**LISTED ENTRIES:**
Lemma Gamma_2 : Gamma 2 = 1.
Proof.
  replace 2 with (1 + 1) by ring.
  rewrite (Gamma_succ _ half_integer_1), Gamma_1. ring.
Qed.

(** * A Stirling-type lower bound *)

Lemma PI_le_3_24 : PI <= 3.24.
Proof.
  destruct (PI_2_3_7_ineq 0) as [_ H].
  unfold tg_alt, PI_2_3_7_tg, Ratan_seq in H. simpl in H. lra.
Qed.

Lemma exp_2_ge_7 : 7 <= exp 2.
Proof. assert (H := exp_ge_taylor 2 4 ltac:(lra)). simpl in H. lra. Qed.

Lemma exp_3_ge_18 : 18 <= exp 3.
Proof. assert (H := exp_ge_taylor 3 5 ltac:(lra)). simpl in H. lra. Qed.

Lemma ln_1_add_ge x : 0 < x -> 2 * x / (2 + x) <= ln (1 + x).
Proof.
  intros Hx.
  set (phi := fun y => ln (1 + y) - 2 * y / (2 + y)).
  destruct (MVT_cor2 phi (fun y => / (1 + y) - 4 / ((2 + y) * (2 + y))) 0 x Hx)
    as [c [Hc Hc0x]].
  - intros c Hc. unfold phi. apply is_derive_Reals. auto_derive.
    + repeat split; lra.
    + field. lra.
  - unfold phi in Hc. rewrite Rplus_0_r, ln_1 in Hc.
    assert (Hd : 0 <= / (1 + c) - 4 / ((2 + c) * (2 + c))).
    { replace (/ (1 + c) - 4 / ((2 + c) * (2 + c)))
        with (c * c / ((1 + c) * ((2 + c) * (2 + c)))) by (field; lra).
      apply Rle_mult_inv_pos; [nra | apply Rmult_lt_0_compat; nra]. }
    replace (2 * 0 / (2 + 0)) with 0 in Hc by field. nra.
Qed.

Lemma exp_1_le_mul_Rpower m :
  0 < m -> exp 1 <= (1 + / (2 * m)) * Rpower (1 + / m) m.
Proof.
  intros Hm.
  assert (Hinv : 0 < / (2 * m)) by (apply Rinv_0_lt_compat; lra).
  assert (Hm1 := ln_1_add_ge (/ m) (Rinv_0_lt_compat m Hm)).
  assert (Hm2 := ln_1_add_ge (/ (2 * m)) Hinv).
  replace (2 * / m / (2 + / m)) with (2 / (2 * m + 1)) in Hm1 by (field; lra).
  replace (2 * / (2 * m) / (2 + / (2 * m))) with (2 / (4 * m + 1)) in Hm2 by (field; lra).
  assert (Hsum : 1 <= 2 / (4 * m + 1) + m * (2 / (2 * m + 1))).
  { replace (2 / (4 * m + 1) + m * (2 / (2 * m + 1)))
      with (1 + 1 / ((4 * m + 1) * (2 * m + 1))) by (field; lra).
    assert (0 < 1 / ((4 * m + 1) * (2 * m + 1))) by (apply Rdiv_lt_0_compat; nra).
    lra. }
  rewrite <- (exp_ln (1 + / (2 * m))) by lra.
  unfold Rpower. rewrite <- exp_plus.
  apply Rnot_lt_le. intros Hlt. apply exp_lt_inv in Hlt. nra.
Qed.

**WHAT NEEDS TO BE DONE:** Take the entries above and copy them exactly from the first line through the line with "Lemma exp_2_ge_7 : 7 <= exp 2."; leave out every line after it.

**THE COMPLETED TASK:**
Lemma Gamma_2 : Gamma 2 = 1.
Proof.
  replace 2 with (1 + 1) by ring.
  rewrite (Gamma_succ _ half_integer_1), Gamma_1. ring.
Qed.

(** * A Stirling-type lower bound *)

Lemma PI_le_3_24 : PI <= 3.24.
Proof.
  destruct (PI_2_3_7_ineq 0) as [_ H].
  unfold tg_alt, PI_2_3_7_tg, Ratan_seq in H. simpl in H. lra.
Qed.

Lemma exp_2_ge_7 : 7 <= exp 2.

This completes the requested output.